[Collected data]

(* For $n\in\{0,1,2\}$ and a monoid $S$ the following are equivalent: (i) $S$ is $n$-supernilpotent; (ii) $S$ is left and right $n$-nilpotent; (iii) $S$ embeds into an $n$-nilpotent group.
   Context: Monoids are regarded as semigroups $(S,\cdot)$. For congruences $\alpha_1,\dots,\alpha_k$, $M(\alpha_1,\dots,\alpha_k)$ is the subsemigroup of $S^{\{0,1\}^k}$ generated by all $g$ such that for some $i$ and $(a,b)\in\alpha_i$, $g(x)=a$ if $x_i=0$ and $g(x)=b$ if $x_i=1$; $[\alpha_1,\dots,\alpha_k]$ is the smallest congruence $\delta$ such that for all $f\in M(\alpha_1,\dots,\alpha_k)$: if $(f(x0),f(x1))\in\delta$ for all $x\in\{0,1\}^{k-1}\setminus\{(1,\dots,1)\}$ then $(f(1,\dots,1,0),f(1,\dots,1,1))\in\delta$. With $1$ total, $0$ trivial congruence: $(1]^1=1$, $(1]^{j+1}=[1,(1]^j]$; $[1)^1=1$, $[1)^{j+1}=[[1)^j,1]$. Left $n$-nilpotent: $(1]^{n+1}=0$; right $n$-nilpotent: $[1)^{n+1}=0$; $n$-supernilpotent: the $(n+1)$-ary $[1,\dots,1]=0$. An $n$-nilpotent group has nilpotency class at most $n$. *)

From mathcomp Require Import all_boot.

Set Implicit Arguments.
Unset Strict Implicit.
Unset Printing Implicit Defensive.

(* Monoids are regarded as semigroups (S, mul).  Relations are S -> S -> Prop. *)

Definition is_congr (S : Type) (mul : S -> S -> S) (r : S -> S -> Prop) : Prop :=
  [/\ (forall a, r a a),
      (forall a b, r a b -> r b a),
      (forall a b c, r a b -> r b c -> r a c) &
      (forall a b c d, r a b -> r c d -> r (mul a c) (mul b d))].

Definition total_rel (S : Type) : S -> S -> Prop := fun _ _ => True.

Definition is_trivial (S : Type) (r : S -> S -> Prop) : Prop :=
  forall a b, r a b -> a = b.

(* M(alpha_1, ..., alpha_k) for k = m.+1, as a predicate on maps
   {0,1}^k -> S, points of {0,1}^k being maps 'I_k -> bool. *)
Inductive Mgen (S : Type) (mul : S -> S -> S) (m : nat)
    (alpha : 'I_m.+1 -> S -> S -> Prop) : (('I_m.+1 -> bool) -> S) -> Prop :=
  | Mgen_gen (i : 'I_m.+1) (a b : S) :
      alpha i a b -> Mgen mul alpha (fun x => if x i then b else a)
  | Mgen_mul (f g : ('I_m.+1 -> bool) -> S) :
      Mgen mul alpha f -> Mgen mul alpha g -> Mgen mul alpha (fun x => mul (f x) (g x)).

(* x b : the point of {0,1}^(m+1) obtained by appending b to x in {0,1}^m. *)
Definition ext_pt (m : nat) (x : 'I_m -> bool) (b : bool) : 'I_m.+1 -> bool :=
  fun i => if unlift ord_max i is Some j then x j else b.

Definition term_cond (S : Type) (mul : S -> S -> S) (m : nat)
    (alpha : 'I_m.+1 -> S -> S -> Prop) (delta : S -> S -> Prop) : Prop :=
  forall f, Mgen mul alpha f ->
    (forall x : 'I_m -> bool, ~ (forall j, x j = true) ->
       delta (f (ext_pt x false)) (f (ext_pt x true))) ->
    delta (f (ext_pt (fun _ => true) false)) (f (ext_pt (fun _ => true) true)).

Definition commutator (S : Type) (mul : S -> S -> S) (m : nat)
    (alpha : 'I_m.+1 -> S -> S -> Prop) : S -> S -> Prop :=
  fun a b => forall delta, is_congr mul delta -> term_cond mul alpha delta -> delta a b.

Definition comm2 (S : Type) (mul : S -> S -> S) (a b : S -> S -> Prop) : S -> S -> Prop :=
  commutator mul (fun i : 'I_2 => if val i == 0 then a else b).

(* lpow j = (1]^(j+1),  rpow j = [1)^(j+1). *)
Fixpoint lpow (S : Type) (mul : S -> S -> S) (j : nat) : S -> S -> Prop :=
  match j with
  | 0 => @total_rel S
  | j'.+1 => comm2 mul (@total_rel S) (lpow mul j')
  end.

Fixpoint rpow (S : Type) (mul : S -> S -> S) (j : nat) : S -> S -> Prop :=
  match j with
  | 0 => @total_rel S
  | j'.+1 => comm2 mul (rpow mul j') (@total_rel S)
  end.

Definition left_nilpotent (S : Type) (mul : S -> S -> S) (n : nat) : Prop :=
  is_trivial (lpow mul n).

Definition right_nilpotent (S : Type) (mul : S -> S -> S) (n : nat) : Prop :=
  is_trivial (rpow mul n).

Definition supernilpotent (S : Type) (mul : S -> S -> S) (n : nat) : Prop :=
  is_trivial (commutator mul (fun _ : 'I_n.+1 => @total_rel S)).

Definition is_group (G : Type) (gmul : G -> G -> G) (ginv : G -> G) (ge : G) : Prop :=
  [/\ associative gmul, left_id ge gmul, right_id ge gmul,
      (forall x, gmul (ginv x) x = ge) & (forall x, gmul x (ginv x) = ge)].

Inductive subgrp_gen (G : Type) (gmul : G -> G -> G) (ginv : G -> G) (ge : G)
    (A : G -> Prop) : G -> Prop :=
  | sg_base x : A x -> subgrp_gen gmul ginv ge A x
  | sg_one : subgrp_gen gmul ginv ge A ge
  | sg_mul x y : subgrp_gen gmul ginv ge A x -> subgrp_gen gmul ginv ge A y ->
      subgrp_gen gmul ginv ge A (gmul x y)
  | sg_inv x : subgrp_gen gmul ginv ge A x -> subgrp_gen gmul ginv ge A (ginv x).

Definition gcomm (G : Type) (gmul : G -> G -> G) (ginv : G -> G) (x y : G) : G :=
  gmul (gmul (ginv x) (ginv y)) (gmul x y).

(* lcs i = gamma_(i+1): gamma_1 = G, gamma_(i+1) = [gamma_i, G]. *)
Fixpoint lcs (G : Type) (gmul : G -> G -> G) (ginv : G -> G) (ge : G) (i : nat)
    : G -> Prop :=
  match i with
  | 0 => fun _ => True
  | i'.+1 => subgrp_gen gmul ginv ge
               (fun z => exists x y, lcs gmul ginv ge i' x /\ z = gcomm gmul ginv x y)
  end.

Definition nilpotent_group (G : Type) (gmul : G -> G -> G) (ginv : G -> G) (ge : G)
    (n : nat) : Prop :=
  forall x, lcs gmul ginv ge n x -> x = ge.

Definition embeds_into_nilpotent_group (S : Type) (mul : S -> S -> S) (n : nat) : Prop :=
  exists (G : Type) (gmul : G -> G -> G) (ginv : G -> G) (ge : G),
    [/\ is_group gmul ginv ge, nilpotent_group gmul ginv ge n &
        exists h : S -> G, injective h /\ forall a b, h (mul a b) = gmul (h a) (h b)].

• **About this exercise**:
Give back, word for word, only the lines above from the line holding "(forall a b c, r" to the line holding "fun i => if", both included.

• **Response area**:
      (forall a b c, r a b -> r b c -> r a c) &
      (forall a b c d, r a b -> r c d -> r (mul a c) (mul b d))].

Definition total_rel (S : Type) : S -> S -> Prop := fun _ _ => True.

Definition is_trivial (S : Type) (r : S -> S -> Prop) : Prop :=
  forall a b, r a b -> a = b.

(* M(alpha_1, ..., alpha_k) for k = m.+1, as a predicate on maps
   {0,1}^k -> S, points of {0,1}^k being maps 'I_k -> bool. *)
Inductive Mgen (S : Type) (mul : S -> S -> S) (m : nat)
    (alpha : 'I_m.+1 -> S -> S -> Prop) : (('I_m.+1 -> bool) -> S) -> Prop :=
  | Mgen_gen (i : 'I_m.+1) (a b : S) :
      alpha i a b -> Mgen mul alpha (fun x => if x i then b else a)
  | Mgen_mul (f g : ('I_m.+1 -> bool) -> S) :
      Mgen mul alpha f -> Mgen mul alpha g -> Mgen mul alpha (fun x => mul (f x) (g x)).

(* x b : the point of {0,1}^(m+1) obtained by appending b to x in {0,1}^m. *)
Definition ext_pt (m : nat) (x : 'I_m -> bool) (b : bool) : 'I_m.+1 -> bool :=
  fun i => if unlift ord_max i is Some j then x j else b.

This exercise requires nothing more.